I am in the very end game of this book. I feel that we need some extra scenes earlier to set up the end. That’s fine, it happens. I’m rereading the book here and there searching for where to tease the cloth of the book apart enough to insert that new thread. I come to the scene I knew I’d need from the moment things went pear-shaped for the characters. I know I need one short chapter here. But it occurred to me that if I change things just a little, then we can save the deaths, the injuries, and so much, but even as I write this I know I can’t. I know the fight must stand as it is. Maybe I can save the last bit, the very last part, and make it not so depressingly final, but I’m left wondering why I’m so tempted to bring the dead back to life, and make the foolish smarter so that everyone can live?
Am I doing it for my characters and this book? Or am I doing it because I went to a funeral this week,a nd watched people I love grieve? If I had not seen another family member in a coffin this week would I be so tempted to save the lives of my fictional friends?
I don’t know. In a way a writer can never know what part of their real life impacts the writing the most. You can make guesses, and sometimes it becomes painfully clear. I’ve had that moment of clarity so bright and sharp that it is squirmingly painful. That therapy moment when you realize what issue you’re working on paper and why your character did that, and what dark bit of your own psyche needed it done. I’m more at peace with those moments than I was years ago, but still I usually know my motives after a book is written. I don’t remember questioning my motives before a book is finished before, not like this. So, I ask myself, if the funeral hadn’t happened this week, just Thursday, would I be this tempted to rewrite the book and bring the dead back to life?

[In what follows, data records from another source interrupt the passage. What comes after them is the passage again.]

(* For every $\vec n\in\mathbb{R}^9$ with $\sum_i n(i)=0$ and $\sum_i n(i)^2=1$, $$-\frac1{\sqrt2}\le F(\vec n)\le\frac1{\sqrt2}.$$ Moreover, writing the trace-one Hermitian operator $\rho=\sum_i[4p(i)-\frac13]\Pi_i$ with $p(i)=\frac19+r\,n(i)$, $r>0$, in terms of its eigenvalues $\alpha,\beta,1-\alpha-\beta$, one has $F(\vec n)=\dfrac{\sqrt3\left(\frac29-f_1+f_2\right)}{\left(f_1-\frac13\right)^{3/2}}$ with $f_1=\alpha^2+\beta^2+(1-\alpha-\beta)^2$, $f_2=\alpha^3+\beta^3+(1-\alpha-\beta)^3$; the upper bound is attained exactly when two eigenvalues are equal and less than $\frac13$, and the lower bound exactly when two eigenvalues are equal and greater than $\frac13$.
   Context: Let $\omega=e^{2\pi i/3}$, standard basis $|0\rangle,|1\rangle,|2\rangle$ of $\mathbb{C}^3$, $X|j\rangle=|j+1\bmod 3\rangle$, $Z|j\rangle=\omega^j|j\rangle$, $|\psi_0\rangle=\frac1{\sqrt2}(0,1,-1)^T$; for $m,n\in\{0,1,2\}$ and $i=3m+n+1$, $\Pi_i$ is the projector onto $X^mZ^n|\psi_0\rangle$ (the canonical Hesse SIC). Identify index $i=3m+n+1$ with $(m,n)\in\mathbb{Z}_3^2$; the 12 affine lines are $\{1,2,3\},\{4,5,6\},\{7,8,9\},\{1,4,7\},\{2,5,8\},\{3,6,9\},\{1,5,9\},\{2,6,7\},\{3,4,8\},\{1,6,8\},\{2,4,9\},\{3,5,7\}$, and $Q$ is the set of ordered triples $(i,j,k)$ of pairwise distinct indices with $\{i,j,k\}$ a line. For $v\in\mathbb{R}^9$ define $F(v)=\sum_i v(i)^3-\frac12\sum_{(i,j,k)\in Q}v(i)v(j)v(k)$. *)

(* Complex numbers: an arbitrary numClosedFieldType C
   (e.g. the complex numbers); reals are the elements x with x \is Num.real. *)
From HB Require Import structures.
From mathcomp Require Import all_boot all_order all_algebra.
Set Implicit Arguments. Unset Strict Implicit. Unset Printing Implicit Defensive.
Import Order.TTheory GRing.Theory Num.Theory.
Local Open Scope ring_scope.

Section Hesse.
Variable C : numClosedFieldType.

(* omega = e^{2 pi i/3} = -1/2 + i sqrt(3)/2 *)
Definition omega : C := (-1 + 'i * sqrtC 3) / 2.

Definition Xop : 'M[C]_3 :=
  \matrix_(k < 3, j < 3) (if (k : nat) == ((j + 1) %% 3)%N then 1 else 0).
Definition Zop : 'M[C]_3 :=
  \matrix_(k < 3, j < 3) (if k == j then omega ^+ j else 0).

Definition psi0 : 'cV[C]_3 :=
  \col_(k < 3) ((if (k : nat) == 1%N then 1 else if (k : nat) == 2%N then -1 else 0)
                 / sqrtC 2).

(* index i = 3m+n (0-based, i.e. the paper's 3m+n+1 minus one) *)
Definition sic_vec (i : 'I_9) : 'cV[C]_3 :=
  (Xop ^+ (i %/ 3)%N) *m (Zop ^+ (i %% 3)%N) *m psi0.

Definition Pi (i : 'I_9) : 'M[C]_3 :=
  sic_vec i *m (map_mx Num.conj (sic_vec i))^T.

End Hesse.

(* The 12 affine lines, 0-based (paper index minus one). *)
Definition lines : seq {set 'I_9} :=
  [:: [set inord 0; inord 1; inord 2]; [set inord 3; inord 4; inord 5];
      [set inord 6; inord 7; inord 8]; [set inord 0; inord 3; inord 6];
      [set inord 1; inord 4; inord 7]; [set inord 2; inord 5; inord 8];
      [set inord 0; inord 4; inord 8]; [set inord 1; inord 5; inord 6];
      [set inord 2; inord 3; inord 7]; [set inord 0; inord 5; inord 7];
      [set inord 1; inord 3; inord 8]; [set inord 2; inord 4; inord 6]].

Definition inQ (i j k : 'I_9) : bool :=
  [&& i != j, j != k, i != k & [set i; j; k] \in lines].

Definition Ffun (C : numClosedFieldType) (v : 'I_9 -> C) : C :=
  \sum_(i < 9) v i ^+ 3
  - 2^-1 * \sum_(i < 9) \sum_(j < 9) \sum_(k < 9)
              (if inQ i j k then v i * v j * v k else 0).

Definition pvec (C : numClosedFieldType) (r : C) (n : 'I_9 -> C) (i : 'I_9) : C :=
  9^-1 + r * n i.

Definition rho (C : numClosedFieldType) (r : C) (n : 'I_9 -> C) : 'M[C]_3 :=
  \sum_(i < 9) (4 * pvec r n i - 3^-1) *: Pi C i.

Definition f1 (C : numClosedFieldType) (a b : C) : C :=
  a ^+ 2 + b ^+ 2 + (1 - a - b) ^+ 2.
Definition f2 (C : numClosedFieldType) (a b : C) : C :=
  a ^+ 3 + b ^+ 3 + (1 - a - b) ^+ 3.

Definition two_equal_with (C : numClosedFieldType) (P : C -> bool) (a b c : C) : Prop :=
  (a = b /\ P a) \/ (a = c /\ P a) \/ (b = c /\ P b).

From HB Require Import structures.
From mathcomp Require Import all_boot all_order all_algebra.
From mathcomp Require Import ring zify.
Set Implicit Arguments. Unset Strict Implicit. Unset Printing Implicit Defensive.
Import Order.TTheory GRing.Theory Num.Theory.
Local Open Scope ring_scope.

(* Since sum_i Pi_i = 3 I (the Hesse SIC is a tight frame), the operator of the
   statement decomposes as  rho = I/3 + 4 r N  with  N = sum_i n(i) Pi_i.  Writing
   x, y, z for the eigenvalues of rho shifted by -1/3, i.e. the eigenvalues of
   4 r N, Newton's identities for a 3x3 matrix give their power sums as traces:
       x + y + z = 4r tr N,   x^2 + y^2 + z^2 = 16 r^2 tr N^2,
       x^3 + y^3 + z^3 = 64 r^3 tr N^3.
   An explicit (Fourier-type) formula for the entries of N, valid modulo
   w^2 + w + 1 = 0, yields tr N = sum n, tr N^2 = (3 sum n^2 + (sum n)^2)/4
   and, when sum n = 0, tr N^3 = 3/8 F(n); the cubic F is computed from the
   affine lines of Z_3^2.  Hence x + y + z = 0, x^2 + y^2 + z^2 = 12 r^2 and
   x^3 + y^3 + z^3 = 24 r^3 F(n).  The eigenvalues are real because rho is
   self-adjoint, and the discriminant identity
       (x^2 + y^2 + z^2)^3 - 6 (x^3 + y^3 + z^3)^2 = 2 ((x-y)(x-z)(y-z))^2
   shows F(n)^2 <= 1/2, with equality iff two eigenvalues coincide; the sign of
   F(n) is then that of -(common value), which locates it relative to 1/3. *)

Section SICVectors.
Variable C : numClosedFieldType.
Local Notation w := (omega C).

Lemma omega_sq : w ^+ 2 = - 1 - w.
Proof.
have hi : ('i : C) ^+ 2 = -1 by rewrite sqrCi.
have h3 : sqrtC (3 : C) ^+ 2 = 3 by rewrite sqrtCK.
by rewrite /omega; field: hi h3.
Qed.

Lemma conj_omega : w^* = w ^+ 2.
Proof.
rewrite omega_sq /omega fmorph_div rmorphD rmorphN rmorph1 rmorphM /= conjCi.
by rewrite (CrealP (sqrtC_real _)) ?ler0n // conjC_nat; field.
Qed.

Definition psi_coord (j : nat) : C :=
  if j == 1%N then 1 else if j == 2%N then -1 else 0.

Definition shift3 (m k : nat) : nat := ((k + 3 - m) %% 3)%N.

Lemma sic_vec_entry (i : 'I_9) (k : 'I_3) :
  sic_vec C i k 0 =
  (sqrtC 2)^-1 * psi_coord (shift3 (i %/ 3) k) * w ^+ ((i %% 3) * shift3 (i %/ 3) k).
Proof.
case: i => [[|[|[|[|[|[|[|[|[|//]]]]]]]]]] Hi; case: k => [[|[|[|//]]]] Hk;
rewrite /sic_vec /shift3 /= ?expr0 ?expr1 ?expr2 -?mulmxE ?mul1mx /Xop /Zop /psi0 /psi_coord.
all: do ?(rewrite -?mulmxE !mxE ?big_ord_recr ?big_ord0 /=).
all: ring.
Qed.

Lemma conj_sic_vec_entry (i : 'I_9) (k : 'I_3) :
  (sic_vec C i k 0)^* =
  (sqrtC 2)^-1 * psi_coord (shift3 (i %/ 3) k) * (w ^+ 2) ^+ ((i %% 3) * shift3 (i %/ 3) k).
Proof.
have s2r : (sqrtC (2 : C))^-1 \is Num.real by rewrite realV sqrtC_real ?ler0n.
have psir j : psi_coord j \is Num.real.
  by rewrite /psi_coord; do 2?case: ifP => _; rewrite ?rpredN ?real1 ?real0.
by rewrite sic_vec_entry !rmorphM rmorphXn /= conj_omega (CrealP s2r) (CrealP (psir _)).
Qed.

Lemma Pi_entry (i : 'I_9) (k l : 'I_3) :
  Pi C i k l = 2^-1 * psi_coord (shift3 (i %/ 3) k) * psi_coord (shift3 (i %/ 3) l)
   * w ^+ ((i %% 3) * shift3 (i %/ 3) k) * (w ^+ 2) ^+ ((i %% 3) * shift3 (i %/ 3) l).
Proof.
have h2 : (sqrtC (2 : C))^-1 * (sqrtC 2)^-1 = 2^-1 by rewrite -invfM -expr2 sqrtCK.
rewrite /Pi mxE big_ord1 [X in _ * X]mxE [X in _ * X]mxE.
by rewrite sic_vec_entry conj_sic_vec_entry -h2; ring.
Qed.
End SICVectors.

(* [ring]/[field] cannot see through the definition of omega: abstract it and
   supply the relation w^2 = -1 - w as a rewriting rule. *)
Ltac field_omega C :=
  let w := fresh "w" in let hw := fresh "hw" in
  move: (omega_sq C); generalize (omega C) => w hw; field: hw.

Definition lines_nat : seq (seq nat) :=
  [:: [:: 0; 1; 2]; [:: 3; 4; 5]; [:: 6; 7; 8]; [:: 0; 3; 6]; [:: 1; 4; 7]; [:: 2; 5; 8];
      [:: 0; 4; 8]; [:: 1; 5; 6]; [:: 2; 3; 7]; [:: 0; 5; 7]; [:: 1; 3; 8]; [:: 2; 4; 6]]%N.

Definition on_line (i j k : nat) : bool :=
  [&& i != j, j != k, i != k & has (fun L => [&& i \in L, j \in L & k \in L]) lines_nat].

Lemma set3_eq (T : finType) (i j k a b c : T) : i != j -> j != k -> i != k ->
  ([set i; j; k] == [set a; b; c]) =
  [&& i \in [set a; b; c], j \in [set a; b; c] & k \in [set a; b; c]].
Proof.
move=> hij hjk hik; rewrite eqEcard !subUset !sub1set -!andbA.
have -> : #|[set i; j; k]| = 3%N.
  by rewrite setUC cardsU1 cards2 !inE hij eq_sym (negbTE hik) eq_sym (negbTE hjk).
have -> : (#|[set a; b; c]| <= 3)%N.
  by apply: (leq_trans (leq_card_setU _ _).1); rewrite cards2 cards1; case: (a != b).
by rewrite andbT.
Qed.

Lemma inQ_on_line (i j k : 'I_9) : inQ i j k = on_line i j k.
Proof.
rewrite /inQ /on_line -!val_eqE /=.
have [<-|hij] := eqVneq (val i) (val j); first by [].
have [<-|hjk] := eqVneq (val j) (val k); first by rewrite !andbF.
have [<-|hik] := eqVneq (val i) (val k); first by rewrite !andbF.
rewrite /lines !inE !set3_eq -?val_eqE // !inE -!val_eqE /= !inordK //.
by rewrite !orbA ?orbF; reflexivity.
Qed.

I still don’t know. I do know that one of the reasons so few people that are emotionally important to my main characters is a direct result of my own early losses. I have had enough real death and loss in my life that I love the fact that in fiction I can save people. It still isn’t done consciously though, it’s just the way my muse and I roll. It works for her and me. If I change this scene and save people it will be a conscious decision to save the day. If I do it you, the readers, may never know where the scene was and what I changed, or who didn’t die. But I’m not sure that my own emotional wounds are enough reason to save my imaginary friends after I have already gone through the grief. We saved one of them early in the book and that was the very one that caused the extra carnage later, so in trying to prevent death I made it worse, made it a higher body count. Is that my lesson? That sometimes in trying to save one life, you risk more later? Or is the lesson, that I’m human and I’m allowed to have all these emotions. I’m allowed to be bothered by real life grief and I’m allowed to find ways to comfort myself. That would be true.
I’m just not certain where my own emotion leaves off and my responsibility to my imaginary friends comes into play. I’m not even certain which master saving the lives would serve; me, or my world? I will read the scene after lunch and that will decide me. If it reads well, I will let it stand, if it reads badly, then I may rewrite it. I have never been so conflicted about my own writing before. There is a part of me that wants it to read badly so I can have the excuse to rewrite it. Maybe that’s why God chooses to limit himself/their-selves in our world, because if They did not they would be rewriting around our own free will so often that time would stop and history be only theory. Free will is a wonderful gift, but in real life as in the imaginary one it can also screw a whole lot of things up.